Read the rest here. If guns make those who carry them less safe, shouldn't we immediately disarm all our cops? After all, the guns cops carry make them less safe, if we simple folk are to believe the study's conclusion.
And UCLA law professor Eugene Volokh eviscerates the study's methodology and conclusions here:
... Conspicuously missing from the press release and the news story were two critical limitations that were admitted in the original study. These qualifiers mean that the press release headline, as well as all the other statements and implications of causation, were quite mistaken. Perhaps defensive possession and carrying of guns helps protect the possessor and carrier, and perhaps it doesn’t. But the study sheds virtually no light on the subject.
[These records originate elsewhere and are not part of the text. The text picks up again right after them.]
Lemma total_deficiency_move S SL SR i x :
  (forall j, buffered l (S j) (SL j) (SR j)) -> deficient l (S i) ->
  (forall j, x \notin SL j :|: SR j) ->
  total_deficiency (move_to S i x) < total_deficiency S.
Proof.
move=> bufS defi xLR; have [SLi _] := buffered_deficient (bufS i) defi.
have xSi : x \notin S i by move: (xLR i); rewrite SLi inE negb_or => /andP[].
rewrite /total_deficiency (bigD1 i) //= [X in _ < X](bigD1 i) //= -addSn leq_add //.
  by rewrite /move_to eqxx cardsU1 xSi; move: defi; rewrite /deficient; lia.
apply: leq_sum => j ji; rewrite /move_to (negPf ji).
have [xSj|xSj] := boolP (x \in S j); last by rewrite (setDidPl _) // disjoint_sym disjoints1.
by have := buffered_large (bufS j) xSj (xLR j); rewrite (cardsD1 x (S j)) xSj; lia.
Qed.

End Presequencing.

Section Augmentation.
Variables (X : finType) (B : {set {set X}}) (k t lam l s : nat).
Hypothesis block_card : forall b, b \in B -> #|b| = k.
Hypothesis tset_degree :
  forall T : {set X}, #|T| = t -> #|[set b in B | T \subset b]| <= lam.
Hypothesis room : lam * (2 * 'C(2 * l - 3, t) - 'C(l - 2, t))
  < (#|X| - ((l - 2) + 2 * (s - 1) * (l - 1))) * 'C(k.-1, t).
Implicit Types (S SL SR : 'I_s -> {set X}).
(* Let $X$ be a homogeneous chain that is not simple and has no proper regular interval which is a simple chain. Then $(\mathrm{Aut}(X),\tau_p)$ is Roelcke precompact if and only if for every proper regular interval $J$ of $X$ the group $(\mathrm{Aut}(X/J),\tau_\partial)$ is Roelcke precompact.
   Context: Chain: linearly ordered set; $\mathrm{Aut}(Y)$: order-preserving bijections; homogeneous: $\mathrm{Aut}(X)$ transitive. An interval is a convex subset; $J$ is regular if for all $x,y\in J$, $g\in\mathrm{Aut}(X)$, $g(x)\in J\Rightarrow g(y)\in J$; proper if neither a singleton nor $X$. A homogeneous chain is simple if it has no proper regular interval. For a proper regular interval $J$, $X/J$ is the chain of equivalence classes of $x\sim_J y\iff\forall g\in\mathrm{Aut}(X)\,(g(x)\in J\Rightarrow g(y)\in J)$, with the induced order. $\tau_p$: topology of pointwise convergence w.r.t. the order topology on $X$; $\tau_\partial$: permutation topology (identity neighbourhood base: pointwise stabilizers of finite sets). Roelcke precompact: the Roelcke uniformity (greatest lower bound of left and right uniformities) is totally bounded. *)

From Stdlib Require Import List.
Import ListNotations.
Set Implicit Arguments.
Theorem theorem4 (F : fieldType) (T : finType) (S P Q : {set T})
  (VSP VPQ : {vspace vecT F T}) :
  [disjoint S & P] -> [disjoint P & Q] -> [disjoint S & Q] ->
  onV (S :|: P) VSP -> onV (P :|: Q) VPQ ->
  (* part 1 *)
  (exists (P' : {set T}) (VSP' VPQ' : {vspace vecT F T}),
     [/\ P' \subset P,
         onV (S :|: P') VSP' /\
         (exists A : {set T}, [/\ S :|: P' \subset A, A \subset S :|: P &
                                  VSP' = contr (S :|: P') (restr A VSP)]),
         onV (P' :|: Q) VPQ' /\
         (exists A : {set T}, [/\ P' :|: Q \subset A, A \subset P :|: Q &
                                  VPQ' = contr (P' :|: Q) (restr A VPQ)]),
         matched S P Q VSP VPQ = matched S P' Q VSP' VPQ' &
         (#|P'|%:Z = (\dim (restr P (VSP + VPQ)%VS))%:Z
                     - (\dim (contr P (vcap S P Q VSP VPQ)))%:Z
          /\ (\dim (restr P (VSP + VPQ)%VS))%:Z
               - (\dim (contr P (vcap S P Q VSP VPQ)))%:Z
             = (\dim (VSP + VPQ)%VS)%:Z - (\dim (vcap S P Q VSP VPQ))%:Z)])
  /\
  (* part 2 *)
  ((restr P VSP = restr P VPQ -> contr P VSP = contr P VPQ ->
     (\dim (restr P (VSP + VPQ)%VS))%:Z
       - (\dim (contr P (vcap S P Q VSP VPQ)))%:Z
     = (\dim (restr S (matched S P Q VSP VPQ)))%:Z
       - (\dim (contr S (matched S P Q VSP VPQ)))%:Z)
   /\
   (forall VSQ : {vspace vecT F T},
      onV (S :|: Q) VSQ -> matched S P Q VSP VPQ = VSQ ->
      (#|P|%:Z >= (\dim (restr S VSQ))%:Z - (\dim (contr S VSQ))%:Z)
      /\
      (restr P VSP = restr P VPQ -> contr P VSP = contr P VPQ ->
        (#|P|%:Z = (\dim (restr S VSQ))%:Z - (\dim (contr S VSQ))%:Z
         <->
         [/\ #|P| = \dim (restr P VSP), \dim (restr P VSP) = \dim (restr P VPQ),
             \dim (contr P VSP) = 0%N & \dim (contr P VPQ) = 0%N])))).
Proof.
move=> dSP dPQ dSQ VSP_on VPQ_on.
have VSP_swap := dim_restr_contr_swap dSP VSP_on.
split.
  have sum_vcap := dim_restr_sum_vcap dSP dPQ dSQ VSP_on VPQ_on.
  have [P' [VSP' [VPQ' [P'P VSP'_minor VPQ'_minor M_eq cardP']]]] :=
    exists_matched_minors dSP dPQ dSQ VSP_on VPQ_on.
  by exists P', VSP', VPQ'; split => //; split; lia.
split.
  by move=> rE cE; rewrite restr_sum // contr_vcap // restr_matched // contr_matched //; lia.
move=> VSQ _ <-; split.
  by rewrite lerBlDr -PoszD lez_nat dim_restr_matched_le.
move=> rE cE; rewrite restr_matched // contr_matched // -rE -cE.
have rP_le := dim_restr_le P VSP.
by split=> [cardP | [cardP _ cP0 _]]; first split; lia.
Qed.
(* Let $r\ge 3$ be an integer, let $\varphi$ be an instance of Exact $r$-SAT, and let $G(\varphi)$ be the graph constructed from $\varphi$ as described in the context. If $\mathrm{wcol}_r(G(\varphi)) \leq 2r-1$, then $\varphi$ has a satisfying assignment.
   Context: Exact $r$-SAT: given a CNF formula $\varphi$ with clauses $c_1,\dots,c_m$ over variables $x_1,\dots,x_n$ such that each clause contains exactly $r$ different variables, decide whether $\varphi$ is satisfiable. An $\ell$-subdivided edge between $a$ and $b$ is an induced path with $\ell$ internal vertices (subdivision vertices) joining $a$ and $b$, whose internal vertices have no other neighbors. Construction of $G(\varphi)$: for each clause $c_i$ create $2r$ vertices $u_i^1,\dots,u_i^{2r}$. For each variable $x_j$ create two vertices $v_j,v'_j$ (for the literals $x_j$ and $\overline{x}_j$) joined by an edge. For each clause $c_i$ containing literal $x_j$, add two $(r-2)$-subdivided edges from $v_j$ to each of $u_i^1,\dots,u_i^{2r}$; for each clause $c_i$ containing $\overline{x}_j$, add two $(r-2)$-subdivided edges from $v'_j$ to each of $u_i^1,\dots,u_i^{2r}$. Weak coloring numbers: for a graph $G=(V,E)$ and a total order $\sigma$ of $V$, a vertex $v\neq u$ is weakly $r$-reachable from $u$ if $u <_\sigma v$ and there is a $u$–$v$ path $P$ of length at most $r$ all of whose vertices other than $u,v$ precede $v$ in $\sigma$; $\mathrm{wreach}_r(u,G_\sigma)$ is the set of such $v$, and $\mathrm{wcol}_r(G)=\min_\sigma\max_u|\mathrm{wreach}_r(u,G_\sigma)|$ over all total orders $\sigma$ of $V$. *)

From mathcomp Require Import all_boot all_order all_fingroup.
Set Implicit Arguments. Unset Strict Implicit. Unset Printing Implicit Defensive.

(* A literal over variables 'I_n is a pair (j, b): b = true is x_j, b = false is ~x_j. *)
Definition exact_rsat (r n m : nat) (cl : 'I_m -> 'I_r -> 'I_n * bool) : Prop :=
  forall i, injective (fun l => (cl i l).1).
1. To begin with, there’s the obvious causation/correlation problem. Maybe, as the authors speculate, carrying a gun increases your chances of being shot with a gun (as suggested by the framing of the issue as “whether guns are protective or perilous”), or at least fails to decrease them (”guns did not protect”). Or maybe a third source — perhaps some people’s being the targets of death threats, or being in a dangerous legal line of work, or being gang members or drug dealers — causes both higher gun carrying among those people and higher risk of being shot.
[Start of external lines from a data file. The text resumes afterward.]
Lemma certificate_convex k rho A B M N l p q : 0 <= l <= 1 ->
  certificate k rho A M p -> certificate k rho B N q ->
  certificate k rho (l * A + (1 - l) * B) (l * M + (1 - l) * N)
    (l *: p + (1 - l) *: q).
Proof.
move=> /andP[l0 l1] [sp p1 pA pM] [sq q1 qB qN].
have l'0 : 0 <= 1 - l by rewrite subr_ge0.
split.
- apply: leq_trans (size_polyD _ _) _; rewrite geq_max.
  by rewrite !(leq_trans (size_scale_leq _ _)).
- by rewrite !hornerE p1 q1; ring.
- apply: le_trans (norm1D _ _) _; rewrite !norm1Z (ger0_norm l0) (ger0_norm l'0).
  by apply: lerD; apply: ler_wpM2l.
- move=> x x0rho; rewrite !hornerE; apply: le_trans (ler_normD _ _) _.
  rewrite !normrM (ger0_norm l0) (ger0_norm l'0).
  by apply: lerD; apply: ler_wpM2l => //; [apply: pM | apply: qN].
Qed.

Lemma segment_convex_comb A B C : A <= C <= B ->
  exists2 l, 0 <= l <= 1 & C = l * A + (1 - l) * B.
Proof.
move=> /andP[AC CB]; have [AB|BA] := ltP A B; last first.
  exists 1; first by rewrite ler01 lexx.
  by rewrite subrr mul0r addr0 mul1r; apply/le_anti; rewrite (le_trans CB BA).
exists ((B - C) / (B - A)); last by field; rewrite subr_eq0 gt_eqF.
by rewrite divr_ge0 ?ler_pdivrMr ?subr_ge0 ?subr_gt0 ?mul1r ?lerD2l ?lerN2 //= ltW.
Qed.

Lemma convex_comb_lt l x y z : 0 <= l <= 1 -> x < z -> y < z ->
  l * x + (1 - l) * y < z.
Proof.
move=> /andP[l0 l1] xz yz.
apply: (@le_lt_trans _ _ (Num.max x y)); last by rewrite gt_max xz.
have mx : x <= Num.max x y by rewrite le_max lexx.
have my : y <= Num.max x y by rewrite le_max lexx orbT.
nra.
Qed.
(* Two libraries supported on decodable bits with the same broadcast are
   equal: by induction on the rank of the requesting user, each user sees the
   same cache content, hence decodes the same requested bits. *)
Lemma decodable_determined (A A' : {set 'I_N * 'I_B}) :
  A \subset decodable -> A' \subset decodable ->
  psi (indicator A) = psi (indicator A') -> A = A'.
Proof.
move=> sA sA' same_psi.
have outside p : p \notin decodable -> (p \in A) = (p \in A').
  move=> pU; rewrite (negbTE (contra (subsetP sA p) pU)).
  by rewrite (negbTE (contra (subsetP sA' p) pU)).
suff agree n p u : d u = p.1 -> (forall k, p \in S k -> rank u < rank k) ->
    rank u < n -> (p \in A) = (p \in A').
  apply/setP => p; have [/decodableP [u du hu] | pU] := boolP (p \in decodable).
    exact: (agree (rank u).+1 p u).
  exact: outside.
elim: n p u => [//|n IH] p u du hu lt_un.
have same_cache : cache S u (indicator A) = cache S u (indicator A').
  apply: functional_extensionality => i; apply: functional_extensionality => j.
  rewrite /cache; case: ifP => // inSu.
  have [/decodableP [u' du' hu'] | qU] := boolP ((i, j) \in decodable).
    by apply: (IH _ u') => //; have := hu' u inSu; lia.
  exact: outside.
have := hdec (indicator A) u p.2; have := hdec (indicator A') u p.2.
by rewrite same_cache same_psi du /indicator -surjective_pairing => -> ->.
Qed.

(* At most L bits are decodable, since the broadcast is injective on them. *)
Lemma card_decodable : #|decodable| <= L.
Proof.
pose enc A := psi (indicator A).
have enc_inj : {in powerset decodable &, injective enc}.
  by move=> A A'; rewrite !powersetE; exact: decodable_determined.
have := max_card [set enc A | A in powerset decodable].
rewrite (card_in_imset enc_inj) card_powerset card_tuple card_bool.
by rewrite leq_exp2l.
Qed.

End DecodingBound.

Section CyclicOffset.

Variable K : nat.

Definition offset (k v : 'I_K) : nat := (v + K - k) %% K.

Lemma offset_lt k v : offset k v < K.
Proof. by rewrite /offset ltn_pmod // (leq_ltn_trans _ (ltn_ord v)). Qed.

Lemma offset_eq0 k v : (offset k v == 0) = (v == k).
Proof.
have := ltn_ord k; have := ltn_ord v; rewrite /offset -val_eqE /= => ltvK ltkK.
have [le_kv | lt_vk] := leqP k v.
  by rewrite addnC -addnBA // modnDl modn_small; lia.
by rewrite modn_small; lia.
Qed.

Lemma offset_ordS k v : offset k (ordS v) = (offset k v).+1 %% K.
Proof.
have le_kK := ltnW (ltn_ord k).
by rewrite /offset /= -!addnBA // modnDml -[in RHS]addn1 modnDml addn1 addSn.
Qed.

Lemma offset_ord_pred k g : g != k -> (offset k (ord_pred g)).+1 = offset k g.
Proof.
rewrite -offset_eq0 -{1 3}(ord_predK g) offset_ordS => nz.
rewrite modn_small // ltn_neqAle offset_lt andbT.
by apply: contraNneq nz => ->; rewrite modnn.
Qed.

Lemma offset_split k g j : g != k ->
  offset k j < offset k g \/ offset k (ord_pred g) < offset k j.
Proof. by move/offset_ord_pred; lia. Qed.

End CyclicOffset.

Section FileLayout.

Variables K a b : nat.
Local Notation N := (K * (a + b)).

Fact fileD1_subproof (g : 'I_K) (s : 'I_a) : g * (a + b) + s < N.
Proof. have := ltn_ord g; have := ltn_ord s; nia. Qed.

Fact fileD2_subproof (g : 'I_K) (r : 'I_b) : g * (a + b) + a + r < N.
Proof. have := ltn_ord g; have := ltn_ord r; nia. Qed.

Definition fileD1 (g : 'I_K) (s : 'I_a) : 'I_N := Ordinal (fileD1_subproof g s).
Definition fileD2 (g : 'I_K) (r : 'I_b) : 'I_N := Ordinal (fileD2_subproof g r).

Lemma fileD1_inD1 (g : 'I_K) (s : 'I_a) : inD1 a b g.+1 (fileD1 g s).+1.
Proof. by rewrite /inD1 /= mulSn; have := ltn_ord s; lia. Qed.

Lemma fileD2_inD2 (g : 'I_K) (r : 'I_b) : inD2 a b g.+1 (fileD2 g r).+1.
Proof. by rewrite /inD2 /= !mulSn; have := ltn_ord r; lia. Qed.

Lemma inC1_fileD1 (i : 'I_N) : inC1 K a b i.+1 -> exists g s, i = fileD1 g s.
Proof.
case/existsP => g; rewrite /inD1 /= mulSn => g_i.
have lt_sa : i - g * (a + b) < a by lia.
by exists g, (Ordinal lt_sa); apply: val_inj => /=; lia.
Qed.

Lemma inC2_fileD2 (i : 'I_N) : inC2 K a b i.+1 -> exists g r, i = fileD2 g r.
Proof.
case/existsP => g; rewrite /inD2 /= !mulSn => g_i.
have lt_rb : i - g * (a + b) - a < b by lia.
by exists g, (Ordinal lt_rb); apply: val_inj => /=; lia.
Qed.

Lemma inC1_notC2 (i : 'I_N) : inC1 K a b i.+1 -> inC2 K a b i.+1 = false.
Proof.
move=> /inC1_fileD1 [g [s ->]]; apply/negbTE/negP => /inC2_fileD2 [g' [r]].
move=> /(congr1 (fun n : 'I_N => val n %% (a + b))) /=.
rewrite -addnA !modnMDl !modn_small; try lia.
all: by have := ltn_ord s; have := ltn_ord r; lia.
Qed.

End FileLayout.

Arguments fileD1 {K a b} g s.
Arguments fileD2 {K a b} g r.

Section Demands.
By way of analogy, we don’t suggest that pacemakers cause heart attacks, or don’t protect against heart attacks, just because we find a correlation between the presence of pacemaker and the incidence of heart attacks. Obviously, people might get pacemakers precisely because they’re at risk of heart attacks. Well, people might get guns precisely because they’re at risk of attack. (Stewart Baker makes a similar point.) [emphasis added]
One can try to control for this in some measure — but while the study controls for some relevant attributes (race, sex, age, neighborhood, having a “high-risk occupation,” and having at least one arrest on one’s record), it leaves a vast range of factors uncontrolled. You’d think that gang members are more likely than others to carry guns and to get shot, even controlling for the presence of an arrest record. (Lots of law-abiding people carry guns, but I expect that more gang members do.) But the study doesn’t control for that, or for many other things. ...
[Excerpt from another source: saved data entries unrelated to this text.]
Lemma theta_pos v : 0 < v -> 0 < theta v.
Proof.
  intros. unfold theta.
  assert (ln (1 + v) < ln (1 + v + v ^ 2)) by (apply ln_increasing; nra). lra.
Qed.

Lemma ln_le_sub_1 x : 0 < x -> ln x <= x - 1.
Proof.
  intros. rewrite <- (ln_exp (x - 1)). apply ln_le; [lra|].
  pose proof (exp_ineq1_le (x - 1)). lra.
Qed.

Lemma ln_ge_1_sub_inv x : 0 < x -> 1 - / x <= ln x.
Proof.
  intros Hx. assert (Hix : 0 < / x) by (apply Rinv_0_lt_compat; lra).
  pose proof (ln_le_sub_1 (/ x) Hix) as Hle. rewrite ln_Rinv in Hle by lra. lra.
Qed.

Lemma theta_le_sq v : 0 < v -> theta v <= v ^ 2.
Proof.
  intros. rewrite theta_eq_ln by lra.
  assert (0 <= v ^ 2 / (1 + v)) by (apply Rdiv_le_0_compat; nra).
  eapply Rle_trans; [apply ln_le_sub_1; lra|].
  assert (v ^ 2 / (1 + v) <= v ^ 2); [|lra].
  apply Rmult_le_reg_r with (1 + v); [lra|]. field_simplify; nra.
Qed.

Lemma theta_ge_sq v : 0 < v <= 1 -> v ^ 2 / 3 <= theta v.
Proof.
  intros. rewrite theta_eq_ln by lra.
  assert (0 <= v ^ 2 / (1 + v)) by (apply Rdiv_le_0_compat; nra).
  eapply Rle_trans; [| apply ln_ge_1_sub_inv; lra].
  replace (1 - / (1 + v ^ 2 / (1 + v))) with (v ^ 2 / (1 + v + v ^ 2)) by (field; nra).
  apply Rmult_le_compat_l; [nra|]. apply Rinv_le_contravar; nra.
Qed.

Lemma theta_inv u : 0 < u -> theta u = ln u + theta (/ u).
Proof.
  intros. unfold theta.
  replace (1 + u + u ^ 2) with ((u * u) * (1 + / u + (/ u) ^ 2)) by (field; lra).
  replace (1 + u) with (u * (1 + / u)) by (field; lra).
  assert (0 < / u) by (apply Rinv_0_lt_compat; lra).
  rewrite !ln_mult by nra. ring.
Qed.

Lemma theta_le_ln_add_1 b : 1 <= b -> theta b <= ln b + 1.
Proof.
  intros. rewrite theta_inv by lra.
  assert (0 < / b <= 1)
    by (split; [apply Rinv_0_lt_compat | rewrite <- Rinv_1; apply Rinv_le_contravar]; lra).
  pose proof (theta_le_sq (/ b) ltac:(lra)). nra.
Qed.

Definition theta_trunc (N : nat) (v : R) : R := log_series N (v ^ 2) - log_series N (v ^ 3).

(* theta v = (- ln (1 - v^3)) - (- ln (1 - v^2)), and the log-series remainder is monotone. *)
Lemma theta_trunc_le N v : 0 <= v <= 1 -> theta_trunc N v <= theta v.
Proof.
  intros Hv. unfold theta_trunc. destruct (Req_dec v 1) as [->|Hv1].
  - unfold theta. rewrite !pow1.
    assert (ln 2 < ln 3) by (apply ln_increasing; lra).
    replace (1 + 1 + 1) with 3 by ring. replace (1 + 1) with 2 by ring. lra.
  - assert (v ^ 3 <= v ^ 2) by (simpl; nra).
    assert (0 <= v ^ 3) by (apply pow_le; lra).
    assert (v ^ 2 < 1) by (simpl; nra).
    pose proof (log_series_remainder_le N (v ^ 3) (v ^ 2) ltac:(lra) ltac:(lra)).
    assert (ln (1 - v ^ 3) = ln (1 - v) + ln (1 + v + v ^ 2))
      by (rewrite <- ln_mult by nra; f_equal; ring).
    assert (ln (1 - v ^ 2) = ln (1 - v) + ln (1 + v))
      by (rewrite <- ln_mult by nra; f_equal; ring).
    unfold theta. lra.
Qed.

Fixpoint theta_prim (N : nat) (v : R) : R :=
  match N with
  | O => 0
  | S n => theta_prim n v + / (2 * INR (S n) ^ 2) * v ^ (2 * S n)
                          - / (3 * INR (S n) ^ 2) * v ^ (3 * S n)
  end.

Lemma is_derive_scal_pow c k v : v <> 0 ->
  is_derive (fun v => c * v ^ k) v (c * (INR k * v ^ k / v)).
Proof.
  intros Hv. destruct k as [|k].
  - simpl. replace (c * (0 * 1 / v)) with 0 by (field; auto). apply (is_derive_const (c * 1)).
  - auto_derive; [exact I|]. fold_INR_S. simpl. as_R_eq. field. auto.
Qed.

Lemma is_derive_add_sub (f h k : R -> R) x df dh dk :
  is_derive f x df -> is_derive h x dh -> is_derive k x dk ->
  is_derive (fun x => f x + h x - k x) x (df + dh - dk).
Proof. intros Hf Hh Hk. exact (is_derive_minus _ _ _ _ _ (is_derive_plus _ _ _ _ _ Hf Hh) Hk). Qed.

Lemma is_derive_theta_prim N v : 0 < v ->
  is_derive (theta_prim N) v (theta_trunc N v / v).
Proof.
  intros Hv. unfold theta_trunc. induction N as [|N IH]; cbn [theta_prim log_series].
  - replace ((0 - 0) / v) with 0 by (field; lra). apply (is_derive_const 0).
  - assert (HN : INR (S N) <> 0) by (apply not_0_INR; lia).
    replace ((log_series N (v ^ 2) + (v ^ 2) ^ S N / INR (S N)
              - (log_series N (v ^ 3) + (v ^ 3) ^ S N / INR (S N))) / v)
      with ((log_series N (v ^ 2) - log_series N (v ^ 3)) / v
            + / (2 * INR (S N) ^ 2) * (INR (2 * S N) * v ^ (2 * S N) / v)
            - / (3 * INR (S N) ^ 2) * (INR (3 * S N) * v ^ (3 * S N) / v))
      by (rewrite <- !pow_mult, !(mult_INR _ (S N)); simpl (INR 2); simpl (INR 3);
          field; lra).
    apply is_derive_add_sub; [exact IH | |]; apply is_derive_scal_pow; lra.
Qed.

Lemma pow_succ_le_self e n : 0 <= e <= 1 -> e ^ S n <= e.
Proof.
  intros He. induction n as [|n IH]; [simpl; lra|].
  change (e ^ S (S n)) with (e * e ^ S n).
  assert (0 <= e ^ S n) by (apply pow_le; lra). nra.
Qed.

Lemma theta_prim_diff_ge N e : 0 < e <= 1 ->
  sum_inv_sq N * (1 / 6 - e ^ 2 / 2) <= theta_prim N 1 - theta_prim N e.
Proof.
  intros He. induction N as [|N IH]; cbn [sum_inv_sq theta_prim]; [lra|].
  rewrite !pow1.
  assert (HN : 0 < INR (S N)) by (apply lt_0_INR; lia).
  assert (E2 : e ^ (2 * S N) <= e ^ 2).
  { rewrite pow_mult. apply pow_succ_le_self. split; [apply pow_le|]; simpl; nra. }
  assert (E3 : 0 <= e ^ (3 * S N)) by (apply pow_le; lra).
  assert (Hterm : / INR (S N) ^ 2 * (1 / 6 - e ^ 2 / 2)
                  <= / (2 * INR (S N) ^ 2) * (1 - e ^ (2 * S N))
                     - / (3 * INR (S N) ^ 2) * (1 - e ^ (3 * S N))).
  { set (w := / INR (S N) ^ 2).
    assert (Hw : 0 < w) by (apply Rinv_0_lt_compat; nra).
    replace (/ (2 * INR (S N) ^ 2)) with (w / 2) by (unfold w; field; lra).
    replace (/ (3 * INR (S N) ^ 2)) with (w / 3) by (unfold w; field; lra).
    nra. }
  lra.
Qed.

Lemma continuous_theta_div v : 0 < v -> continuous (fun v => theta v / v) v.
Proof.
  intros Hv. apply continuous_of_ex_derive. unfold theta. auto_derive. repeat split; nra.
Qed.

Lemma continuous_theta_trunc_div N v : 0 < v -> continuous (fun v => theta_trunc N v / v) v.
Proof.
  intros Hv. apply continuous_of_ex_derive. unfold theta_trunc.
  auto_derive. repeat split; try lra; eexists; apply is_derive_log_series.
Qed.

Definition theta_int (e : R) : R := RInt (fun v => theta v / v) e 1.

Lemma theta_int_ge_trunc N e : 0 < e <= 1 ->
  sum_inv_sq N * (1 / 6 - e ^ 2 / 2) <= theta_int e.
Proof.
  intros He. unfold theta_int. eapply Rle_trans; [apply (theta_prim_diff_ge N e He)|].
  rewrite <- (RInt_of_is_derive (theta_prim N) (fun v => theta_trunc N v / v)).
  - apply RInt_le; [lra | | |].
    + apply ex_RInt_of_continuous; [lra|]. intros; apply continuous_theta_trunc_div; lra.
    + apply ex_RInt_of_continuous; [lra|]. intros; apply continuous_theta_div; lra.
    + intros v Hv. apply Rmult_le_compat_r; [left; apply Rinv_0_lt_compat; lra|].
      apply theta_trunc_le; lra.
  - lra.
  - intros; apply is_derive_theta_prim; lra.
  - intros; apply continuous_theta_trunc_div; lra.
Qed.

Lemma le_of_forall_le_sub_div (x y c : R) : 0 <= c ->
  (forall n : nat, y - c / INR (S n) <= x) -> y <= x.
Proof.
  intros Hc H. apply Rle_plus_epsilon. intros eps Heps.
  destruct (archimed_cor1 (eps / (c + 1))) as [N [HN HN0]]; [apply Rdiv_lt_0_compat; lra|].
  specialize (H (pred N)). rewrite Nat.succ_pred_pos in H by lia.
  assert (HN1 : 0 < INR N) by (apply lt_0_INR; lia).
  assert (c / INR N < eps); [|lra].
  apply Rle_lt_trans with ((c + 1) * / INR N).
  - apply Rmult_le_compat_r; [left; apply Rinv_0_lt_compat|]; lra.
  - replace eps with ((c + 1) * (eps / (c + 1))) by (field; lra).
    apply Rmult_lt_compat_l; lra.
Qed.

(* Let N -> oo in [theta_int_ge_trunc]: the constant is zeta(2) / 6 = pi^2 / 36. *)
Lemma theta_int_ge e : 0 < e <= 1 -> e ^ 2 <= 1 / 3 ->
  PI ^ 2 / 36 - 2 * e ^ 2 <= theta_int e.
Proof.
  intros He He2. set (c := 1 / 6 - e ^ 2 / 2).
  assert (Hc : 0 <= c) by (unfold c; lra).
  assert (PI ^ 2 / 6 * c <= theta_int e).
  { apply (le_of_forall_le_sub_div _ _ (2 * c)); [lra|]. intros m.
    eapply Rle_trans; [|apply (theta_int_ge_trunc (S m) e He)].
    pose proof (sum_inv_sq_ge m).
    replace (PI ^ 2 / 6 * c - 2 * c / INR (S m)) with ((PI ^ 2 / 6 - 2 / INR (S m)) * c)
      by (field; apply not_0_INR; lia).
    apply Rmult_le_compat_r; auto. }
  assert (PI ^ 2 <= 16) by (pose proof PI_4; pose proof PI_RGT_0; nra).
  assert (PI ^ 2 * e ^ 2 <= 16 * e ^ 2) by (apply Rmult_le_compat_r; [apply pow2_ge_0 | lra]).
  unfold c in *. nra.
Qed.

Lemma exp_neg_bounds z : 0 < z -> 0 < exp (- z) < 1.
Proof. intros. split; [apply exp_pos|]. rewrite <- exp_0. apply exp_increasing. lra. Qed.

Lemma beta_bounds u : 0 < u < 1 -> 0 < beta u <= 1.
Proof.
  intros Hu. unfold beta. pose proof (sqrt_pos (u * (4 - 3 * u))).
  assert (sqrt (u * (4 - 3 * u)) <= 2 - u); [|lra].
  rewrite <- (sqrt_pow2 (2 - u)) by lra. apply sqrt_le_1_alt. nra.
Qed.

Lemma continuous_g z : 0 < z -> continuous g z.
Proof.
  intros Hz. apply continuous_of_ex_derive. pose proof (exp_neg_bounds z Hz).
  pose proof (beta_bounds (1 - exp (- z)) ltac:(lra)). unfold g, beta, Rminus, Rdiv in *.
  auto_derive. repeat split; [apply Rmult_lt_0_compat | ]; lra.
Qed.

Lemma g_ge0 z : 0 < z -> 0 <= g z.
Proof.
  intros Hz. pose proof (exp_neg_bounds z Hz).
  destruct (beta_bounds (1 - exp (- z)) ltac:(lra)) as [Hb0 Hb1]. unfold g.
  pose proof (ln_le _ 1 Hb0 Hb1) as Hln. rewrite ln_1 in Hln. lra.
Qed.

(* Along z = theta u one has 1 - e^(-z) = u^2 / (1 + u + u^2), which makes
   the radicand of beta the perfect square (u (2 + u) / (1 + u + u^2))^2. *)
Lemma g_theta u : 0 < u -> g (theta u) = theta u - ln u.
Proof.
  intros Hu. unfold g, theta. set (D := 1 + u + u ^ 2).
  assert (HD : 0 < D) by (unfold D; nra).
  replace (exp (- (ln D - ln (1 + u)))) with ((1 + u) / D)
    by (rewrite <- exp_ln with ((1 + u) / D) by (apply Rdiv_lt_0_compat; lra);
        f_equal; rewrite ln_div by lra; ring).
  replace (beta (1 - (1 + u) / D)) with (u * (1 + u) / D).
  - rewrite ln_div, ln_mult by nra. ring.
  - unfold beta.
    replace ((1 - (1 + u) / D) * (4 - 3 * (1 - (1 + u) / D))) with ((u * (2 + u) / D) ^ 2)
      by (unfold D; field; nra).
    rewrite sqrt_pow2 by (apply Rdiv_le_0_compat; nra). unfold D. field. nra.
Qed.

Definition theta_deriv (u : R) : R := (1 + 2 * u) / (1 + u + u ^ 2) - 1 / (1 + u).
For the stats and science geeks, Prof. Volokh's comments on the study's fatal flaws are well worth a read. His conclusion:
... And all this is in addition to the possible confounding factors discussed in item 1 above. If there were no such confounders, then perhaps even a low odds ratio might be telling, or perhaps even a statistically insignificant odds ratio above 1 might in some measure undermine the “guns as protective” theory. But these two problems put together — the possibility that the result stems from the existence of a high-risk group whose members are especially likely both to carry guns and be the targets of attack, and the possibility of even slight misreporting dramatically affecting the results — make the study highly uninformative.
So it’s possible that gun possession was “perilous,” in the sense of increasing the risk of the possessor’s being injured. It’s possible that it “did not protect those who possessed guns,” in the sense that it didn’t reduce the risk of the possessor’s being injured. But it’s also possible that it was “protective,” in that it reduced the risk of the possessor’s being injured, but this result is swamped by the other phenomena I point to. The study doesn’t give us much extra information about which theory is correct. And yet it is publicized, and it’s reported, as if it did robustly show the causal relationship.
The good professor is being kind, methinks. Hopefully this shoddy study, conducted by an associate professor of epidemiology, isn't what passes for excellence in the Public Health departments of our universities.